◆ **TASK GOAL**
Taking the listing below, restate word for word each line from the line with "rewrite Fcub_eval lin_eval" to the line with "by rewrite lin_eval /pt /pt4 /=; ring.", ends included, and stop there.

◆ **PROVIDED ENTRIES**
Lemma pt4E ci c1 cj ck : [/\ pt4 ci c1 cj ck i = ci, pt4 ci c1 cj ck 1 = c1,
  pt4 ci c1 cj ck j = cj & pt4 ci c1 cj ck k = ck].
Proof. by rewrite /pt4; case: ijk. Qed.

Lemma vertexE : [/\ vertex i i = 1, vertex i 1 = 0, vertex i j = 0 & vertex i k = 0].
Proof. by rewrite /vertex; case: ijk. Qed.

End Permuted.

Lemma D_reducible_lines a : D_reducible a ->
  exists b, forall x, (lin a).@[x] = 0 -> (lin b).@[x] = 0 -> (Fcub R).@[x] = 0.
Proof.
case=> L [Q [M [/homog1_lin LE _ _ _ FE]]].
exists (fun i => L@_U_(i)); rewrite -LE => x ax Lx.
by rewrite FE mevalD !mevalM ax Lx !mul0r addr0.
Qed.

Lemma triple_line_cube a : triple_line a ->
  exists b, forall x, (lin a).@[x] = 0 -> (Fcub R).@[x] = (lin b).@[x] ^+ 3.
Proof.
case=> L [M [/homog1_lin LE _ _ FE]].
exists (fun i => L@_U_(i)); rewrite -LE => x ax.
by rewrite FE mevalD rmorphXn mevalM ax mul0r addr0.
Qed.

Lemma SingD_vertex a i : i != 1 -> a i = 0 -> SingD a (vertex i).
Proof.
move=> i_neq1 ai; have [p_nz [F0 dF0]] := SingS_vertex i_neq1.
split; last by exists 0 => l; rewrite dF0 mul0r.
by split=> //; split=> //; rewrite lin_eval_vertex.
Qed.

Section Vertex.
Variables (i j k : 'I_4) (a : vec).
Hypotheses (ijk : perm023 i j k) (ai : a i = 0) (a1 : a 1 = 0) (ak : a k != 0).

(* A reducible D would contain the line {l_a = l_b = 0} of its plane; we exhibit
   a point of any such line lying off S. *)
Lemma not_D_reducible : a j != 0 -> ~ D_reducible a.
Proof.
move=> aj /D_reducible_lines [b Fb].
suff [x [ax bx]] : exists x, [/\ (lin a).@[x] = 0, (lin b).@[x] = 0 & (Fcub R).@[x] != 0].
  by rewrite (Fb x ax bx) eqxx.
have [bi|bi_nz] := eqVneq (b i) 0; last first.
  exists (pt4 i j (- b 1) (b i) 0 0).
  rewrite !(lin_eval_perm ijk) (Fcub_eval_perm ijk) ai a1.
  have [-> -> -> ->] := pt4E ijk (- b 1) (b i) 0 0.
  by split; [ring|ring|rewrite !mulr0 sub0r oppr_eq0 expf_eq0].
have [b1|b1_nz] := eqVneq (b 1) 0.
  exists (pt4 i j 0 1 0 0).
  rewrite !(lin_eval_perm ijk) (Fcub_eval_perm ijk) ai a1 bi b1.
  have [-> -> -> ->] := pt4E ijk 0 1 0 0.
  by split; [ring|ring|rewrite !mulr0 expr1n sub0r oppr_eq0 oner_neq0].
pose y := - (b j * a k - b k * a j) / b 1.
pose z := - (1 + y ^+ 3) / (a j * a k).
exists (pt4 i j z y (a k) (- a j)).
rewrite !(lin_eval_perm ijk) (Fcub_eval_perm ijk) ai a1 bi.
have [-> -> -> ->] := pt4E ijk z y (a k) (- a j).
split; [ring|by rewrite /y; field|].
suff -> : z * a k * - a j - y ^+ 3 = 1 by apply: oner_neq0.
by rewrite /z; field; rewrite aj ak.
Qed.

Lemma cusp_vertex : a j != 0 -> cusp a (vertex i).
Proof.
move=> aj; split; first exact: SingD_vertex (perm023_neq1 ijk) ai.
have [vi v1 vj vk] := vertexE ijk.
split.
  pose s := sqrtc (-2 * a j / a k); have s2 : s ^+ 2 = -2 * a j / a k := sqr_sqrtc _.
  exists (pt4 i j 0 0 s 0) => v.
  rewrite (lin_eval_perm ijk) (hessq_perm ijk) (perm023_sum _ ijk) vi v1 vj vk ai a1.
  have [-> -> -> ->] := pt4E ijk 0 0 s 0; rewrite !mul0r !add0r => av.
  have vk_eq : v k = - (a j * v j) / a k.
    apply: (mulfI ak); transitivity (- (a j * v j)); last by field.
    by apply/eqP; rewrite -addr_eq0 addrC av.
  by rewrite vk_eq; transitivity (s ^+ 2 * v j ^+ 2); [rewrite s2; field | ring].
exists (pt4 i j 0 0 (a k) (- a j)).
rewrite (lin_eval_perm ijk) (hessq_perm ijk) vi v1 vj vk ai a1.
have [-> -> -> ->] := pt4E ijk 0 0 (a k) (- a j).
split; first by ring.
suff -> : 2 * (1 * a k * - a j + 0 * 0 * - a j + 0 * 0 * a k) - 6 * 0 * 0 ^+ 2
   = - (2 * (a k * a j)) :> C by rewrite oppr_eq0 !mulf_neq0 ?pnatr_eq0.
by ring.
Qed.

Lemma cuspidal_vertex : a j != 0 ->
  cuspidal_cubic a /\ exists p, SingD a p /\ SingS p.
Proof.
move=> aj; have i_neq1 := perm023_neq1 ijk.
split; first by split; [exact: not_D_reducible | exists (vertex i); exact: cusp_vertex].
by exists (vertex i); split; [exact: SingD_vertex | exact: SingS_vertex].
Qed.

(* The plane is x_k = 0, on which F = - x_1^3. *)
Lemma triple_line_vertex : a j = 0 -> triple_line a.
Proof.
move=> aj; exists (- 'X_1), ((a k)^-1 *: ('X_i * 'X_j)).
have X_homog (l : 'I_4) : ('X_l : {mpoly C[4]}) \is 1.-homog.
  by rewrite dhomogX; apply/eqP; apply: mdeg1.
split; first by rewrite rpredN X_homog.
- by apply: dhomogZ; exact: (dhomogM (X_homog i) (X_homog j)).
- move=> c; apply/eqP => /(congr1 (meval (vertex 1))).
  rewrite mevalN mevalXU mevalZ lin_eval_vertex a1 /vertex eqxx mulr0 => /eqP.
  by rewrite oppr_eq0 pnatr_eq0.
rewrite (Fcub_perm ijk) (lin_perm ijk) ai a1 aj !scale0r !add0r.
by rewrite -scalerAl -scalerAr scalerA mulfV // scale1r; ring.
Qed.

End Vertex.

(* For a1 <> 0, (u0, u2, u3) |-> plane_pt a u0 u2 u3 parametrises the plane l_a = 0. *)
Definition plane_pt a (u0 u2 u3 : C) : vec :=
  pt4 0 2 (a 1 * u0) (- (a 0 * u0 + a 2 * u2 + a 3 * u3)) (a 1 * u2) (a 1 * u3).

Lemma lin_plane_pt a u0 u2 u3 : (lin a).@[plane_pt a u0 u2 u3] = 0.
Proof. by rewrite lin_eval /plane_pt /pt4 /=; ring. Qed.

Lemma triple_line_coord1 a : triple_line a -> a 1 = 0.
Proof.
case/triple_line_cube => b Fb; suff /eqP : a 1 ^+ 3 = 0 by rewrite expf_eq0 => /eqP.
apply: (@cube_mixed_coef_eq0 _ _ (a 0) (a 2) (a 3)
  (a 1 * b 0 - a 0 * b 1) (a 1 * b 2 - a 2 * b 1) (a 1 * b 3 - a 3 * b 1)) => u0 u2 u3.
have := Fb _ (lin_plane_pt a u0 u2 u3).
rewrite Fcub_eval lin_eval /plane_pt /pt4 /= => E.
by apply: etrans (etrans E _); ring.
Qed.

Lemma triple_line_prod023 a : triple_line a -> a 1 = 0 -> a 0 * a 2 * a 3 = 0.
Proof.
move=> /triple_line_cube [b Fb] a1; pose pt (u0 u2 u3 : C) := pt4 0 2 u0 0 u2 u3.
have F_pt u0 u2 u3 : (Fcub R).@[pt u0 u2 u3] = u0 * u2 * u3.
  by rewrite Fcub_eval /pt /pt4 /=; ring.
have lin_pt c u0 u2 u3 : (lin c).@[pt u0 u2 u3] = c 0 * u0 + c 2 * u2 + c 3 * u3.
  by rewrite lin_eval /pt /pt4 /=; ring.
have Fb_pt u0 u2 u3 : a 0 * u0 + a 2 * u2 + a 3 * u3 = 0 ->
    u0 * u2 * u3 = (b 0 * u0 + b 2 * u2 + b 3 * u3) ^+ 3.
  by move=> au; rewrite -F_pt -lin_pt Fb // lin_pt.
have cube0 (r : C) : 0 = r ^+ 3 -> r = 0 by move/esym/eqP; rewrite expf_eq0 => /eqP.
(* D contains the points (a2 : 0 : -a0 : 0) and (a3 : 0 : 0 : -a0) of the line
   l_b = 0, hence also (a2 a3 : 0 : a0 a3 : -2 a0 a2), where F = -2 (a0 a2 a3)^2. *)
have bp : b 0 * a 2 + b 2 * - a 0 + b 3 * 0 = 0.
  by apply: cube0; rewrite -Fb_pt ?mulr0 //; ring.
have bq : b 0 * a 3 + b 2 * 0 + b 3 * - a 0 = 0.
  by apply: cube0; rewrite -Fb_pt ?mulr0 //; ring.
have := Fb_pt (a 2 * a 3) (a 0 * a 3) (-2 * a 0 * a 2) ltac:(ring).
have -> : b 0 * (a 2 * a 3) + b 2 * (a 0 * a 3) + b 3 * (-2 * a 0 * a 2)
          = - a 3 * (b 0 * a 2 + b 2 * - a 0 + b 3 * 0)
            + 2 * a 2 * (b 0 * a 3 + b 2 * 0 + b 3 * - a 0) by ring.
rewrite bp bq !mulr0 addr0 expr0n /= => /eqP.
have -> : a 2 * a 3 * (a 0 * a 3) * (-2 * a 0 * a 2) = - (2 * (a 0 * a 2 * a 3) ^+ 2).
  by ring.
by rewrite oppr_eq0 mulf_eq0 pnatr_eq0 sqrf_eq0 => /eqP.
Qed.

(* The gradient of F at q is c a, so (q0 q2 q3)^2 = (q2 q3) (q0 q3) (q0 q2) = c^3 a0 a2 a3. *)
Lemma SingD_coord1 a q : SingD a q -> a 0 * a 2 * a 3 = 0 -> q 1 = 0.
Proof.
case=> -[_ [Fq _]] [c gradq] a023; have [d0 _ d2 d3] := gradF_eval q.
have : (q 0 * q 2 * q 3) ^+ 2 = c ^+ 3 * (a 0 * a 2 * a 3).
  transitivity (c * a 0 * (c * a 2) * (c * a 3)); last by ring.
  by rewrite -!gradq d0 d2 d3; ring.
move: Fq; rewrite Fcub_eval a023 mulr0 => /eqP; rewrite subr_eq0 => /eqP ->.
by move/eqP; rewrite -exprM expf_eq0 => /eqP.
Qed.

(* With q1 = 0 and a1 <> 0, the tangent cone at q read through plane_pt is a
   quadratic form without square terms, which is a square only if it vanishes. *)
Lemma cusp_coord1 a q : cusp a q -> a 0 * a 2 * a 3 = 0 -> a 1 = 0.
Proof.
case=> qD [[m tangent_cone] _] a023; have q1 := SingD_coord1 qD a023.
case: qD => -[[l ql] _] _; apply/eqP; apply: contraNT ql => a1_nz.
pose mu i := a 1 * m i - a i * m 1.
have [] : [/\ 2 * a 1 ^+ 2 * q 3 = 0, 2 * a 1 ^+ 2 * q 2 = 0 & 2 * a 1 ^+ 2 * q 0 = 0].
  apply: (@square_offdiag_eq0 _ _ _ _ (mu 0) (mu 2) (mu 3)) => s0 s2 s3.
  have := tangent_cone _ (lin_plane_pt a s0 s2 s3).
  rewrite hessq_eval sum4 /plane_pt /pt4 /= q1 /mu => E.
  by apply: etrans (etrans E _); ring.
have a1_unit : 2 * a 1 ^+ 2 != 0 by rewrite mulf_neq0 ?pnatr_eq0 ?expf_neq0.
have cancel r : 2 * a 1 ^+ 2 * r = 0 -> r = 0.
  by move/eqP; rewrite mulf_eq0 (negbTE a1_unit) => /eqP.
move=> /cancel q3 /cancel q2 /cancel q0.
by case: (ord4P l) => ->; rewrite ?q0 ?q1 ?q2 ?q3.
Qed.

Lemma is_HstarE a : nonzero a -> is_Hstar a <-> on_x1_axis a.
Proof.
move=> a_nz; split=> [[c [_ aE]]|[a0 a2 a3]]; first by split; rewrite aE /= mulr0.
exists (a 1); split.
  case: a_nz => i; apply: contraNneq => a1.
  by case: (ord4P i) => ->; rewrite ?a0 ?a1 ?a2 ?a3.
by move=> i; case: (ord4P i) => -> /=; rewrite ?a0 ?a2 ?a3 ?mulr0 ?mulr1.
Qed.

Lemma cusp_or_triple_lineE a : nonzero a ->
  a 1 = 0 /\ a 0 * a 2 * a 3 = 0 <->
  (cuspidal_cubic a /\ exists p, SingD a p /\ SingS p) \/ triple_line a.
Proof.
move=> a_nz; split=> [[a1 a023]|]; last first.
  case=> [[[_ [q q_cusp]] [p [[[_ [_ ap]] _] pS]]] | a_triple].
    have a023 : a 0 * a 2 * a 3 = 0 by apply/meets_SingSE; exists p.
    by split=> //; apply: cusp_coord1 q_cusp a023.
  by have a1 := triple_line_coord1 a_triple; split=> //; apply: triple_line_prod023.
have [a0|a0] := eqVneq (a 0) 0; have [a2|a2] := eqVneq (a 2) 0;
  have [a3|a3] := eqVneq (a 3) 0.
- by case: a_nz => i; case: (ord4P i) => ->; rewrite ?a0 ?a1 ?a2 ?a3 eqxx.
- by right; apply: (triple_line_vertex Perm023 a0 a1 a3 a2).
- by right; apply: (triple_line_vertex Perm302 a3 a1 a2 a0).
- by left; apply: (cuspidal_vertex Perm023 a0 a1 a3 a2).
- by right; apply: (triple_line_vertex Perm230 a2 a1 a0 a3).
- by left; apply: (cuspidal_vertex Perm203 a2 a1 a3 a0).
- by left; apply: (cuspidal_vertex Perm302 a3 a1 a2 a0).
- by move: (mulf_neq0 (mulf_neq0 a0 a2) a3); rewrite a023 eqxx.
Qed.

End CubicSurface.

Theorem corollary4p13 (R : realType) (a : 'I_4 -> R[i]) :
  nonzero a ->
  [/\ stable a <-> ~ meets_SingS a,
      (polystable a /\ ~ stable a) <-> is_Hstar a
    & unstable a <->
      ((cuspidal_cubic a /\ exists p, SingD a p /\ SingS p) \/ triple_line a)].
Proof.
move=> a_nz; split.
- by rewrite stableE // meets_SingSE; split=> /eqP.
- rewrite is_HstarE // polystableE // stableE //; split.
    by case=> [[a023 /(_ a023)|]].
  by move=> a_axis; split; [right | move/eqP; rewrite on_x1_axis_prod].
- by rewrite unstableE cusp_or_triple_lineE.
Qed.
Lemma no_triangle_affine2 a b s L1 L2 L3 : ~ triangle inc (inl a) (inl b) (inr s) L1 L2 L3.
Proof.
case: s => z k; case=> /and3P[ab _ _] /and3P[_ _ L31].
case: L1 L2 L3 L31 => [[p1 w1]|?] [[[z2|] w2]|?] [[[z3|] w3]|?] //= L31;
  rewrite ?andbF //.
move=> /andP[/eqP a1 /eqP b1] /andP[/eqP b2 /andP[/eqP e2 /eqP k2]].
move=> /andP[/andP[/eqP e3 /eqP k3] /eqP a3]; subst z2 z3.
have [t t0 eb] := line_coord_eq_shift ab (etrans a1 (esym b1)).
have p1z : p1 != Some z by apply: contraNneq L31 => e; rewrite -a1 -a3 e eqxx.
move: k2; rewrite -b2 eb tangent_coord_shift a3 k3 -{2}[k]addr0 => /addrI /eqP.
by apply/negP; rewrite mulf_neq0 ?polar_dir_neq0.
Qed.

Lemma no_triangle_affine1 a s1 s2 L1 L2 L3 :
  ~ triangle inc (inl a) (inr s1) (inr s2) L1 L2 L3.
Proof.
case: s1 s2 => z k [z' k']; case=> /and3P[_ s12 _] /and3P[_ _ L31].
case=> /andP[a1 s1] /andP[s1' s2] /andP[s2' a3].
have [_ /= ez] := inc_two_tangents s12 s1' s2.
move: L31; rewrite (inc_affine_tangent a1 s1) (inc_affine_tangent a3 s2') ez.
by rewrite eqxx.
Qed.

Lemma no_triangle_affine0 s1 s2 s3 L1 L2 L3 :
  ~ triangle inc (inr s1) (inr s2) (inr s3) L1 L2 L3.
Proof.
case=> /and3P[s12 s23 _] /and3P[L12 _ _] /andP[i1 i2] /andP[i2' i3] _.
have [E1 e12] := inc_two_tangents s12 i1 i2; have [E2 _] := inc_two_tangents s23 i2' i3.
by move: L12; rewrite E1 E2 e12 eqxx.
Qed.

Lemma inc_triangle_free P1 P2 P3 L1 L2 L3 : ~ triangle inc P1 P2 P3 L1 L2 L3.
Proof.
case: P1 P2 P3 => [a|s1] [b|s2] [d|s3].
- exact: no_triangle_affine3.
- exact: no_triangle_affine2.
- by move/triangle_rot/triangle_rot; apply: no_triangle_affine2.
- exact: no_triangle_affine1.
- by move/triangle_rot; apply: no_triangle_affine2.
- by move/triangle_rot; apply: no_triangle_affine1.
- by move/triangle_rot/triangle_rot; apply: no_triangle_affine1.
- exact: no_triangle_affine0.
Qed.

End Quadrangle.

Section HyperplaneDeleted.
Local Open Scope ring_scope.
Variables (F : finFieldType) (c : F).
Hypothesis anisotropic : forall x : F, x * x + x + c != 0.

(* The elements that survive the deletion; [Fx] holds the nonzero [x2]-coordinate
   of a point, of a tangency point, of a direction, or of the points of a line
   parallel to [x2 = 0] (whose direction [Some (u, 0)] or [None] is an [option F]). *)
Definition Fx := {x : F | x != 0}.
Definition OffPt := (F * F * Fx * F)%type.
Definition OffTangent := (F * Fx * F)%type.
Definition TransLn := (F * Fx * (F * F * F))%type.
Definition ParLn := (option F * (F * Fx * F))%type.
Definition OffOvoid := (F * Fx)%type.
Definition Vertex := ((OffPt + OffTangent) + ((TransLn + ParLn) + OffOvoid))%type.

Definition embed (x : Vertex) : Pt F + Ln F :=
  match x with
  | inl (inl a) => inl (inl (a.1.1.1, a.1.1.2, val a.1.2, a.2))
  | inl (inr s) => inl (inr (s.1.1, val s.1.2, s.2))
  | inr (inl (inl l)) => inr (inl (Some (l.1.1, val l.1.2), l.2))
  | inr (inl (inr l)) =>
      inr (inl (omap (fun u => (u, 0)) l.1, (l.2.1.1, val l.2.1.2, l.2.2)))
  | inr (inr z) => inr (inr (z.1, val z.2))
  end.

Definition adj : rel Vertex := relpre embed (incg (inc c)).

Lemma card_F_gt0 : (0 < #|F|)%N.
Proof. by apply/card_gt0P; exists 0. Qed.

Lemma card_Fx : #|{: Fx}| = #|F|.-1.
Proof. by rewrite card_sig cardC1. Qed.

Lemma embed_inj : injective embed.
Proof.
case=> [[[[[a0 a1] a2] a3]|[[u v] k]]|[[[[u v] w]|[o [[w1 w2] w3]]]|[u v]]];
case=> [[[[[b0 b1] b2] b3]|[[u' v'] k']]|[[[[u' v'] w']|[o' [[w1' w2'] w3']]]|[u' v']]] //=.
- by case=> -> -> /val_inj -> ->.
- by case=> -> /val_inj -> ->.
- by case=> -> /val_inj -> ->.
- by case: o' => [x|] //= [_ v0]; move: (valP v) => /=; rewrite v0 eqxx.
- by case: o => [x|] //= [_ v0]; move: (valP v') => /=; rewrite -v0 eqxx.
- case: o o' => [x|] [y|] //=; first by case=> -> -> /val_inj -> ->.
  by case=> -> /val_inj -> ->.
- by case=> -> /val_inj ->.
Qed.
(* Fix a subdivision s of [0, t).  Every vector involved (the vacuum, products of the
   increments X_i applied to it, and C_{q,m}(X(t), t) applied to it) is a combination of
   tensors of step functions constant on the cells of s, hence is determined by its
   coefficients on words of cell indices, and X(b) acts on these coefficients by explicit
   creation, annihilation and preservation formulas.  In these coordinates psi_m(t; s) is
   the indicator of the injective words of length m, while C_{q,m}(X(t), t) is the constant
   1 on words of length m.  Their difference lives on non-injective words, so its squared
   q-norm is at most m! times the product measure of {w | w_i = w_j for some i <> j}, which
   is at most m^2 t (1 + t)^m delta(s). *)

From HB Require Import structures.
From mathcomp Require Import all_boot all_order all_algebra all_fingroup.
From mathcomp Require Import all_classical all_reals all_analysis.
From mathcomp Require Import ring lra zify.
Set Implicit Arguments. Unset Strict Implicit. Unset Printing Implicit Defensive.
Import Order.TTheory GRing.Theory Num.Theory.
Local Open Scope ring_scope.

Lemma big_iota0_ord (T : Type) (idx : T) (op : T -> T -> T) n (F : nat -> T) :
  \big[op/idx]_(k <- iota 0 n) F k = \big[op/idx]_(k < n) F k.
Proof. by rewrite -(big_mkord xpredT) /index_iota subn0. Qed.

Section StepIntegral.
Local Open Scope classical_set_scope.
Variable R : realType.
Local Notation mu := (@lebesgue_measure R).
Local Notation D := (`[0%R, +oo[ : set R).

Let measurableD : measurable D. Proof. exact: measurable_itv. Qed.

Lemma integrable_indic_itv_co (a b : R) : mu.-integrable D (EFin \o \1_(`[a, b[)).
Proof. by apply: (@integrableS _ _ _ _ setT) => //; exact: integrable_indic_itv. Qed.

Let fine_lebesgue_measure_itv_co (a b : R) : a < b ->
  fine (@lebesgue_measure R `[a, b[) = b - a.
Proof. by move=> lt_ab; rewrite lebesgue_measure_itv /= lte_fin lt_ab. Qed.

Lemma Rintegral_indic_itv_co (a b : R) : 0 <= a <= b ->
  Rintegral mu D (\1_(`[a, b[)) = b - a.
Proof.
move=> /andP[a0 ab]; rewrite /Rintegral integral_indic ?measurable_itv //.
rewrite setIidl; last first.
  by move=> y /=; rewrite !in_itv /= andbT => /andP[ay _]; exact: le_trans ay.
have [lt_ab|le_ba] := ltP a b.
  exact: fine_lebesgue_measure_itv_co.
have -> : b = a by apply/eqP; rewrite eq_le ab le_ba.
by rewrite set_itvco0 measure0 subrr.
Qed.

◆ **REPLY**
rewrite Fcub_eval lin_eval /plane_pt /pt4 /= => E.
by apply: etrans (etrans E _); ring.
Qed.

Lemma triple_line_prod023 a : triple_line a -> a 1 = 0 -> a 0 * a 2 * a 3 = 0.
Proof.
move=> /triple_line_cube [b Fb] a1; pose pt (u0 u2 u3 : C) := pt4 0 2 u0 0 u2 u3.
have F_pt u0 u2 u3 : (Fcub R).@[pt u0 u2 u3] = u0 * u2 * u3.
  by rewrite Fcub_eval /pt /pt4 /=; ring.
have lin_pt c u0 u2 u3 : (lin c).@[pt u0 u2 u3] = c 0 * u0 + c 2 * u2 + c 3 * u3.
  by rewrite lin_eval /pt /pt4 /=; ring.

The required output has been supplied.